The geko™ device was also reported as well tolerated with 94 percent patient concordance1. Patients receiving the geko™ device reported better outcomes in pain reduction, plausibly reflected in the accelerated reduction in wound size1and were also more likely to heal completely at the 12-weeks follow-up, than those randomised to SoC alone1. It is also worth noting the study continued throughout the pandemic, despite new COVID-19 protocols, indicating the ease and simplicity of the treatment.

A hallmark of the study is the WMA and PAR metrics that allowed a self-controlled study model to distinguish between the relative efficacies of the treatment regimens more rapidly, with greater sensitivity and with fewer subjects than a conventional RCT cohort model. RCTs using complete healing as the endpoint are seldom powered to be successful, owing to patient clinical diversity under a study7. We believe the trial can be considered as a landmark study with its unparalleled effect size for a medical device.

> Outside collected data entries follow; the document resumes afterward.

Lemma bigcap_map_sub {X Y : Type} (f : X -> ty) (g : Y -> ty) l1 l2 :
  (forall y, In y l2 -> exists x, In x l1 /\ sub (f x) (g y)) ->
  sub (bigcap (map f l1)) (bigcap (map g l2)).
Proof.
  intros H; apply bigcap_glb; intros z Hz.
  apply in_map_iff in Hz as [y [<- Hy]]; destruct (H y Hy) as [x [Hx Hxy]].
  apply sub_trans with (f x); [apply bigcap_lb, in_map, Hx|exact Hxy].
Qed.

Lemma bigcap_flat {X : Type} (f : ty -> list X) l :
  f Omega = [] -> (forall a b, f (Inter a b) = f a ++ f b) ->
  f (bigcap l) = flat_map f l.
Proof.
  intros H0 HI; induction l as [|a [|b l] IH]; [exact H0| |].
  - simpl; rewrite app_nil_r; reflexivity.
  - change (f (Inter a (bigcap (b :: l))) = f a ++ flat_map f (b :: l)).
    rewrite HI, IH; reflexivity.
Qed.

Lemma Omega_sub_Arr s : sub Omega (Arr s Omega).
Proof.
  apply sub_trans with (Arr Omega Omega); [apply sub_omega_arr|].
  apply sub_arr; apply sub_omega.
Qed.

Lemma bigcap_map_Arr s l : sub (bigcap (map (Arr s) l)) (Arr s (bigcap l)).
Proof.
  induction l as [|a [|b l] IH]; [apply Omega_sub_Arr|apply sub_refl|].
  apply sub_trans with (Inter (Arr s a) (Arr s (bigcap (b :: l)))); [|apply sub_arr_dist].
  apply sub_inter_intro; [apply sub_inter_l|].
  apply sub_trans with (bigcap (map (Arr s) (b :: l))); [apply sub_inter_r|exact IH].
Qed.

Lemma bigcap_map_Ctor c l : l <> [] -> sub (bigcap (map (Ctor c) l)) (Ctor c (bigcap l)).
Proof.
  induction l as [|a [|b l] IH]; intros Hl; [congruence|apply sub_refl|].
  apply sub_trans with (Inter (Ctor c a) (Ctor c (bigcap (b :: l)))); [|apply sub_ctor_dist].
  apply sub_inter_intro; [apply sub_inter_l|].
  apply sub_trans with (bigcap (map (Ctor c) (b :: l))); [apply sub_inter_r|].
  apply IH; discriminate.
Qed.

Inductive is_path : ty -> Prop :=
| path_Const a : is_path (Const a)
| path_TVar n : is_path (TVar n)
| path_Arr s t : is_path t -> is_path (Arr s t)
| path_Ctor_Omega c : is_path (Ctor c Omega)
| path_Ctor c t : is_path t -> is_path (Ctor c t).

Lemma paths_is_path t p : In p (paths t) -> is_path p.
Proof.
  revert p; induction t as [a|n| |s _ t IHt|s IHs t IHt|c t IHt]; simpl; intros p Hp.
  - destruct Hp as [<-|[]]; constructor.
  - destruct Hp as [<-|[]]; constructor.
  - destruct Hp.
  - apply in_map_iff in Hp as [q [<- Hq]]; constructor; apply IHt, Hq.
  - apply in_app_or in Hp as [Hp|Hp]; auto.
  - destruct (paths t) as [|q l].
    + destruct Hp as [<-|[]]; constructor.
    + change (In p (map (Ctor c) (q :: l))) in Hp.
      apply in_map_iff in Hp as [q' [<- Hq]]; constructor; apply IHt, Hq.
Qed.

Lemma paths_sub t p : In p (paths t) -> sub t p.
Proof.
  revert p; induction t as [a|n| |s _ t IHt|s IHs t IHt|c t IHt]; simpl; intros p Hp.
  - destruct Hp as [<-|[]]; apply sub_refl.
  - destruct Hp as [<-|[]]; apply sub_refl.
  - destruct Hp.
  - apply in_map_iff in Hp as [q [<- Hq]]; apply sub_arr; [apply sub_refl|apply IHt, Hq].
  - apply in_app_or in Hp as [Hp|Hp].
    + apply sub_trans with s; [apply sub_inter_l|apply IHs, Hp].
    + apply sub_trans with t; [apply sub_inter_r|apply IHt, Hp].
  - destruct (paths t) as [|q l].
    + destruct Hp as [<-|[]]; apply sub_ctor, sub_omega.
    + change (In p (map (Ctor c) (q :: l))) in Hp.
      apply in_map_iff in Hp as [q' [<- Hq]]; apply sub_ctor, IHt, Hq.
Qed.

Lemma bigcap_paths_sub t : sub (bigcap (paths t)) t.
Proof.
  induction t as [a|n| |s _ t IHt|s IHs t IHt|c t IHt]; simpl; try apply sub_refl.
  - apply sub_trans with (Arr s (bigcap (paths t))); [apply bigcap_map_Arr|].
    apply sub_arr; [apply sub_refl|exact IHt].
  - apply sub_inter_intro.
    + apply sub_trans with (bigcap (paths s)); [|exact IHs].
      apply bigcap_incl, incl_appl, incl_refl.
    + apply sub_trans with (bigcap (paths t)); [|exact IHt].
      apply bigcap_incl, incl_appr, incl_refl.
  - destruct (paths t) as [|q l].
    + apply sub_ctor, IHt.
    + apply sub_trans with (Ctor c (bigcap (q :: l)));
        [apply (bigcap_map_Ctor c (q :: l)); discriminate|].
      apply sub_ctor, IHt.
Qed.

(* Subtyping is decidable, but a boolean test is only needed to define
   [arr_cods], so we take one classically. *)
Definition subb (s t : ty) : bool :=
  if excluded_middle_informative (sub s t) then true else false.

Lemma subb_true s t : subb s t = true <-> sub s t.
Proof. unfold subb; destruct excluded_middle_informative; split; congruence || tauto. Qed.

Fixpoint top_atoms (t : ty) : list ty :=
  match t with
  | Const a => [Const a]
  | TVar n => [TVar n]
  | Inter t1 t2 => top_atoms t1 ++ top_atoms t2
  | _ => []
  end.

(* [bigcap (arr_cods s t)] is what [t] yields when applied to an argument of
   type [s]; its monotonicity in [t] is how subtyping against an arrow is
   inverted. *)
Fixpoint arr_cods (s t : ty) : list ty :=
  match t with
  | Arr s' t' => if subb s s' then [t'] else []
  | Inter t1 t2 => arr_cods s t1 ++ arr_cods s t2
  | _ => []
  end.

Fixpoint ctor_args (c : nat) (t : ty) : list ty :=
  match t with
  | Ctor c' t' => if Nat.eqb c c' then [t'] else []
  | Inter t1 t2 => ctor_args c t1 ++ ctor_args c t2
  | _ => []
  end.

Lemma top_atoms_anti t u : sub t u -> incl (top_atoms u) (top_atoms t).
Proof.
  induction 1; simpl; intros x Hx; try tauto.
  - apply IHsub1, IHsub2, Hx.
  - apply in_or_app; left; exact Hx.
  - apply in_or_app; right; exact Hx.
  - apply in_app_or in Hx as [Hx|Hx]; auto.
Qed.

The outstanding results are also pivotal to placing this much anticipated data into the hands of our fast-expanding network of UK tissue viability nurses (TVNs) and international wound care specialists, eager to embrace a transformative innovation that is able to increase the rate of healing.

Ideal for home use and easy to fit, the geko™ device provides a seamless addition to the current VLU pathway, empowering patients to both self-care, without disruption to daily routines, and to share-their-care with family members and healthcare professionals – reinforced by the high concordance rate of 94 percent reported in the study.

You can read the full RCT in the International Wound Journal here.

References

  1. Bull, RH, Clements, D, Collarte, AJ, Harding, KG. The impact of a new intervention for venous leg ulcers: A within-patient controlled trial. Int Wound J. 2023; 1- 9. doi:10.1111/iwj.14107
  2. https://www.nhs.uk/conditions/leg-ulcer/
  3. Phillips, CJ, Humphreys, I, Thayer, D, et al. Cost of managing patients with venous leg ulcers. Int Wound J. 2020; 17: 1074– 1082. https://doi.org/10.1111/iwj.13366
  4. Guest JF, Fuller GW, Vowden P. Cohort study evaluating the burden of wounds to the UK’s National Health Service in 2017/2018: update from 2012/2013. BMJ Open. 2020 Dec 22;10(12):e045253. doi: 10.1136/bmjopen-2020-045253. PMID: 33371051; PMCID: PMC7757484.
  5. Probst, S., Weller, C.D., Bobbink, P. et al.Prevalence and incidence of venous leg ulcers—a protocol for a systematic review. Syst Rev 10, 148 (2021). https://doi.org/10.1186/s13643-021-01697-3
  6. Tucker A, Maass A, Bain D, Chen LH, Azzam M, Dawson H, et al. Augmentation of venous, arterial and microvascular blood supply in the leg by isometric neuromuscular publication of the International College of Angiology, Inc. 2010 Spring; 19(1): e31-7.
  7. Godwin M, Ruhland L, Casson I, MacDonald S, Delva D, Birtwhistle R, Lam M, Seguin R. Pragmatic controlled clinical trials in primary care: the struggle between external and internal validity. BMC Med Res Methodol. 2003 Dec 22;3:28. doi: 10.1186/1471-2288-3-28. PMID: 14690550; PMCID: PMC317298.